My dearest Exchangers,
Let me summarize two questions that I have. I need to compute a matrix gradient of the scalar function $$ J =\|A\hat x_k - x_{k+1}\|_2^2, $$ with respect to the 2-by-2 matrix $A$. First, what is the correct way to compute this gradient? I came up with the following nonsense: $$\begin{align} \begin{bmatrix}\frac{\partial J}{\partial a_1} & \frac{\partial J}{\partial a_2} \\ \frac{\partial J}{\partial a_3} & \frac{\partial J}{\partial a_4}\end{bmatrix} &= \begin{bmatrix} (\begin{bmatrix} a_1 & a_2 \end{bmatrix}-x_{k+1,1})\hat x_{k,1} & (\begin{bmatrix}a_1 & a_2\end{bmatrix}-x_{k+1,2})\hat x_{k,2} \\ (\begin{bmatrix}a_3 & a_4\end{bmatrix}-x_{k+1,1})\hat x_{k,1} & (\begin{bmatrix}a_3 & a_4\end{bmatrix}-x_{k+1,2})\hat x_{k,2} \end{bmatrix} \\ & = \begin{bmatrix} A \hat x_k - \begin{bmatrix}x_{k+1,1} \\ x_{k+1,1}\end{bmatrix} & A \hat x_k - \begin{bmatrix}x_{k+1,2} \\x_{k+1,2}\end{bmatrix}\end{bmatrix} \hat x_k \end{align} $$
But (if this is correct), I don't know how to further simplify this expression, in such a way that I only use the symbols that are used in $J$. With what I got now, it seems that I need to stack some elements manually into vectors. Obviously, when dimensions become large, it is unhandy/non-elegant to do this with a for loop in optimization. It would be nice, if I would have to only use the said variables, present in $J$.
My other question is, if I have found a gradient, for which I would think it is correct, then how can I check whether this is correct? The only way I know of currently, is to make that objective and use computed gradient to update said parameters, and see if $J$ indeed decreases. But probably this is not a sufficient check. But mainly I would be happy already, If I would know how to correctly compute that gradient! (Maybe there are some standard rules to use when matrices/vectors are present in an objective function, that I do not know of.)

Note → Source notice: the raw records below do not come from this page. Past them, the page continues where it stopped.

Lemma min_gammaS_mem_Qs S : Num.min (gS S) (gS (~: S)) \in 0 :: Qs gamma.
Proof.
by rewrite minEle; case: leP => S_le; apply: gammaS_mem_Qs; move: S_le; rewrite !gammaSC; lra.
Qed.

Variable g : R -> R.
Hypotheses (g_concave : concave_on 0 Ge g) (g0 : g 0 = 0).

Lemma asym_hinge_decomposition : (0 < #|e|)%N -> g Ge = 0 ->
  exists a : R -> R, (forall q, q \in Qa gamma -> 0 <= a q) /\
    forall S, g (gS S) =
      \sum_(q <- Qa gamma) a q * Num.min ((Ge - q) * gS S) (q * gS (~: S)).
Proof.
move=> /card_gt0P[x _] gGe.
have Ge_gt0 : 0 < Ge by apply/gammaS_gt0/set0Pn; exists x; rewrite in_setT.
have [a [a_ge0 g_exp]] :=
  concave_asym_hinge_expansion g_concave g0 Ge_gt0 gGe (undup_uniq _) Qa_range.
by exists a; split => // S; rewrite g_exp ?gammaS_mem_Qa // gammaSC.
Qed.

Lemma sym_hinge_decomposition : (forall x, 0 <= x <= Ge -> g x = g (Ge - x)) ->
  exists a : R -> R, (forall q, q \in Qs gamma -> 0 <= a q) /\
    forall S, g (gS S) =
      \sum_(q <- Qs gamma) a q * Num.min (Num.min (gS S) (gS (~: S))) q.
Proof.
move=> g_sym; have [a [a_ge0 g_exp]] :=
  concave_sym_hinge_expansion g_concave g0 g_sym (undup_uniq _) Qs_range.
exists a; split => // S; rewrite -g_exp ?min_gammaS_mem_Qs //.
by rewrite minEle gammaSC; case: ifP => // _; rewrite g_sym ?gammaS_ge0 ?gammaS_le.
Qed.

End Hyperedge.

Unset Implicit Arguments.
Theorem theorem3 (R : realFieldType) (e : finType) (gamma : e -> R) (g : R -> R) :
  (1 < #|e|)%N ->
  (forall v, 0 < gamma v) ->
  concave_on 0 (gammaS gamma setT) g ->
  (forall x, 0 <= x <= gammaS gamma setT -> 0 <= g x) ->
  g 0 = 0 -> g (gammaS gamma setT) = 0 ->
  let Ge := gammaS gamma setT in
  let w := fun S : {set e} => g (gammaS gamma S) in
  (* (i) *)
  (graph_reducible w /\
   exists a : R -> R,
     (forall q, q \in Qa gamma -> 0 <= a q) /\
     (forall S : {set e},
        w S = \sum_(q <- Qa gamma)
                a q * Num.min ((Ge - q) * gammaS gamma S) (q * gammaS gamma (~: S))) /\
     is_gadget_split (@inl e _)
       (asym_union_W gamma [seq (a q * (Ge - q), a q * q) | q <- Qa gamma]) w)
  /\
  (* (ii) *)
  ((forall x, 0 <= x <= Ge -> g x = g (Ge - x)) ->
   exists a : R -> R,
     (forall q, q \in Qs gamma -> 0 <= a q) /\
     (forall S : {set e},
        w S = \sum_(q <- Qs gamma)
                a q * Num.min (Num.min (gammaS gamma S) (gammaS gamma (~: S))) q) /\
     is_gadget_split (@inl e _)
       (sym_union_W gamma [seq (a q, q) | q <- Qs gamma]) w).
Proof.
move=> e_gt1 gamma_gt0 g_concave _ g0 gGe Ge w; split.
  have [a [a_ge0 w_exp]] := asym_hinge_decomposition gamma_gt0 g_concave g0 (ltnW e_gt1) gGe.
  have w_split : is_gadget_split inl
      (asym_union_W gamma [seq (a q * (Ge - q), a q * q) | q <- Qa gamma]) w.
    apply: asym_union_split => S; rewrite /w w_exp big_map; apply: eq_big_seq => q qQ /=.
    by rewrite -!mulrA minr_pMr ?a_ge0.
  split; last by exists a.
  apply: asym_union_reducible w_split => [v|_ /mapP[q qQ ->] /=]; first exact: ltW.
  have /andP[q_gt0 q_lt] := Qa_range gamma_gt0 qQ.
  by split; apply: mulr_ge0; rewrite ?a_ge0 ?subr_ge0 ?ltW.
move=> g_sym; have [a [a_ge0 w_exp]] := sym_hinge_decomposition gamma_gt0 g_concave g0 g_sym.
exists a; split=> //; split=> //.
apply: sym_union_split => [_ /mapP[q qQ ->]|v|S]; [exact: a_ge0|exact: ltW|].
rewrite /w w_exp big_map; apply: eq_big_seq => q qQ /=.
by rewrite -!minr_pMr ?a_ge0.
Qed.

By the way, I hope that it is apparent what symbols are elements of what variables, otherwise please ask.
For typing convenience, let me use the symbols $$\eqalign{ x &= {\hat x}_k \cr y &= x_{k+1} \cr w &= Ax-y \cr }$$ I will also use a colon to represent the trace/Frobenius product, i.e. $$\eqalign{A:B &= {\rm tr}(A^TB)}$$ Now I can write the cost function in terms of these symbols and find its differential and gradient $$\eqalign{ J &= \|w\|^2 = w:w \cr dJ &= 2w:dw = 2w:dA\,x = 2wx^T:dA \cr \frac{\partial J}{\partial A} &= 2wx^T = 2(Ax-y)x^T\cr }$$ To test the correctness of these expressions, first calculate $J$ for some value of $A$. Then add a small random perturbation to the matrix (let's call it $dA$) and calculate the change in the cost function $$\eqalign{ J_0 &= \|Ax-y\|^2 \cr J_1 &= \|(A+dA)x-y\|^2 \cr \Delta J &= J_1-J_0 \cr }$$ Compare this to the change predicted by the differential $$\eqalign{ dJ &= 2(Ax-y)x^T:dA \cr &= 2(Ax-y)^T\,dA\,x \cr }$$ You should find that $\,\,dJ \approx \Delta J$